Hayes’ other two screens feature people of Korea and New York, caught in the moment of struggle and protest. First, two Korean women are wrestling with each other in public. One of them is identifiably older than the other. The other screen, devoted to the American context, is an extension of the artist’s previous In The Near Future series, this time taking up the faces of protestors in New York. The juxtaposition of two different regional contexts, Korean and American, reveals the gap between protesting voices; the age, race, culture, and language differ. And yet, the overall work shows how a common question such as “how are you doing?” reverberates within different societies with the same impact, power, and urgency.

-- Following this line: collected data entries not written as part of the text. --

Definition standing_setting (X : {fset vec}) : Prop :=
  [/\ (0 : vec) \notin X,
      in_interior_conv X 0,
      (forall x y (c : R), x \in X -> y \in X -> 0 < c -> y = c *: x -> y = x)
    & (forall A : {fset vec}, A `<=` X -> #|` A| = n.+1 -> good_position A)].

Definition skeleton (X : {fset vec}) (k : nat) (Xs : 'I_k -> {fset vec}) : Prop :=
  [/\ (forall l, Xs l `<=` X),
      (forall l l', l != l' -> [disjoint Xs l & Xs l']),
      (forall l, affinely_independent (Xs l) /\ in_relint_conv (Xs l) 0),
      (forall v : vec, exists w : 'I_k -> vec,
          (forall l, in_span (Xs l) (w l)) /\ v = \sum_(l < k) w l)
    & (forall w : 'I_k -> vec, (forall l, in_span (Xs l) (w l)) ->
          \sum_(l < k) w l = 0 -> forall l, w l = 0)].

End Defs.

From HB Require Import structures.
From mathcomp Require Import all_boot all_order all_algebra.
From mathcomp Require Import finmap.
From mathcomp Require Import reals.
From mathcomp Require Import ring lra.
Set Implicit Arguments. Unset Strict Implicit. Unset Printing Implicit Defensive.
Import Order.TTheory GRing.Theory Num.Theory.
Local Open Scope fset_scope.
Local Open Scope ring_scope.

(* If the pairs {i, j} and {i', j'} share an index but differ, we may take them to be
   {i, j} and {i, j'} with j <> j'.  Every linear relation among the points of a block X_l
   is a multiple of the one expressing 0 as a relative interior point of conv X_l, whose
   coefficients are all positive.  Hence a relation among the points U of the skeleton
   that vanishes at one point of a block vanishes on the whole block, and U minus one point
   per block still spans R^n.  Let A consist of x, y and the points of U outside D, where D
   holds one point of each block (x_i for X_i, neither x_j nor y_j otherwise) and one more
   point p of X_i with y_i in {x_i, p}; then |A| > n.  Substituting x = a x_i + b x_j and
   y = c y_i + d y_j turns a relation on A into one on U: the block X_j relates the
   coefficients of x and x_j, the block X_j' those of y and y_j, and the block X_i forces
   the coefficients of x and y to vanish together.  So a relation on A that is nonnegative
   outside one point is trivial, and any n + 1 points of A are in conical position,
   contradicting the standing setting. *)

Lemma pmul_addr_eq0 (R : numDomainType) (e f r : R) :
  0 < e -> 0 <= f -> 0 <= r -> f * e + r = 0 -> f = 0.
Proof.
move=> e0 f0 r0 /eqP; rewrite paddr_eq0 ?mulr_ge0 ?(ltW e0) // mulf_eq0 (gt_eqF e0).
by rewrite orbF => /andP[/eqP].
Qed.

Lemma exists_fsubset_card (T : choiceType) (A : {fset T}) m : (m <= #|` A|)%N ->
  exists2 B, B `<=` A & #|` B| = m.
Proof.
move=> le_mA; exists [fset u in take m A].
  by apply/fsubsetP => u; rewrite inE => /mem_take.
by rewrite card_fseq undup_id ?size_takel // take_uniq // fset_uniq.
Qed.

Section LinearRelations.
Variables (R : realType) (n : nat).
Notation vec := 'rV[R]_n.
Implicit Types (A B Y : {fset vec}) (u v : vec).

Lemma sum_delta Y v (c : R) : v \in Y ->
  \sum_(u <- Y) (if u == v then c else 0) = c.
Proof.
move=> vY; rewrite (big_fsetD1 v) //= eqxx big1_fset ?addr0 // => u.
by rewrite !inE => /andP[/negPf -> _].
Qed.

Lemma sum_scale_delta Y v (c : R) : v \in Y ->
  \sum_(u <- Y) (if u == v then c else 0) *: u = c *: v.
Proof.
move=> vY; rewrite (big_fsetD1 v) //= eqxx big1_fset ?addr0 // => u.
by rewrite !inE => /andP[/negPf -> _] _; rewrite scale0r.
Qed.

Lemma sum_scale_extend A B (g : vec -> R) : B `<=` A ->
  \sum_(u <- A) (if u \in B then g u else 0) *: u = \sum_(u <- B) g u *: u.
Proof.
move=> BA; rewrite -(big_fset_incl _ BA) => [|u _ /negPf ->]; last by rewrite scale0r.
by apply: eq_fbigr => u ->.
Qed.

Lemma in_span_scale Y v (c : R) : v \in Y -> in_span Y (c *: v).
Proof. by move=> vY; exists (fun u => if u == v then c else 0); rewrite sum_scale_delta. Qed.

Lemma affinely_independent_coef Y (mu nu : vec -> R) : affinely_independent Y ->
  \sum_(u <- Y) mu u = \sum_(u <- Y) nu u ->
  \sum_(u <- Y) mu u *: u = \sum_(u <- Y) nu u *: u -> {in Y, mu =1 nu}.
Proof.
move=> indY sum_eq comb_eq u uY; apply/eqP; rewrite -subr_eq0; apply/eqP.
apply: (indY (fun v => mu v - nu v)) => //; first by rewrite sumrB sum_eq subrr.
by under eq_bigr do rewrite scalerBl; rewrite sumrB comb_eq subrr.
Qed.

Lemma affinely_independent_relation Y (m nu : vec -> R) : affinely_independent Y ->
  \sum_(u <- Y) m u = 1 -> \sum_(u <- Y) m u *: u = 0 ->
  \sum_(u <- Y) nu u *: u = 0 ->
  {in Y, forall u, nu u = (\sum_(v <- Y) nu v) * m u}.
Proof.
move=> indY m1 m_rel nu_rel; apply: affinely_independent_coef => //.
  by rewrite -mulr_sumr m1 mulr1.
by under [RHS]eq_bigr do rewrite -scalerA; rewrite -scaler_sumr m_rel scaler0.
Qed.

(* Push 0 slightly outside along each direction [-q]: the point [-t q] is still in
   [conv Y], and its barycentric coordinates force [m q >= t / (1 + t)]. *)
Lemma relint0_pos_relation Y : affinely_independent Y -> in_relint_conv Y 0 ->
  exists m : vec -> R, [/\ {in Y, forall u, 0 < m u}, \sum_(u <- Y) m u = 1
    & \sum_(u <- Y) m u *: u = 0].
Proof.
move=> indY [[m [m1 /esym m_rel]] [e [e0 near_conv]]]; exists m; split => // q qY.
pose M := \sum_(i < n) `|q ord0 i|.
have M0 : 0 <= M by apply: sumr_ge0 => i _; exact: normr_ge0.
pose t := e / (1 + M).
have t0 : 0 < t by apply: divr_gt0 => //; lra.
have tM : t * (1 + M) = e by rewrite /t divfK //; apply: lt0r_neq0; lra.
pose rho u := (1 + t) * m u - (if u == q then t else 0).
have rho1 : \sum_(u <- Y) rho u = 1.
  by rewrite sumrB -mulr_sumr m1 mulr1 sum_delta //; ring.
have rho_comb : \sum_(u <- Y) rho u *: u = (- t) *: q.
  under eq_bigr do rewrite scalerBl -scalerA.
  by rewrite sumrB -scaler_sumr m_rel scaler0 sum_scale_delta // sub0r scaleNr.
have [sig [sig0 sig1 sig_comb]] : in_conv Y ((- t) *: q).
  apply: near_conv => [|i]; first by exists rho.
  rewrite !mxE subr0 normrM normrN (gtr0_norm t0).
  have qiM : `|q ord0 i| <= M.
    by rewrite /M (bigD1 i) //= lerDl; apply: sumr_ge0 => l _; exact: normr_ge0.
  apply: (le_lt_trans (ler_wpM2l (ltW t0) qiM)); lra.
have := sig0 q qY; rewrite (affinely_independent_coef (nu := rho) indY _ _ qY); last 2 first.
- by rewrite sig1 rho1.
- by rewrite -sig_comb rho_comb.
rewrite /rho eqxx => rho_q; nra.
Qed.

As Hayes’ video installation shows, the Biennale is at its strongest when the works reveal the struggles and complexities of people. In this sense, Morgan’s edition of the Gwangju Biennale suggests that the task of the contemporary artist is to continuously contextualize local works and political situations in relation to global matters so as to avoid provincialism as well as find new connections and commonalities among sites and across generations. After all, “Burning Down the House” forces us to identify with the builders, burners, or eventual rebuilders of state and social structures. The enduring question this Biennale asks is what ‘house’ do we live in and what would it take to burn it down as well as its aftermath.
Bio
Ahyoung Yoo is a PhD candidate in the history of art at The Ohio State University and a CLIR/Mellon Fellow for Dissertation Research in Original Sources. She is working on her dissertation on contemporary Korean new media art in the context of globalization.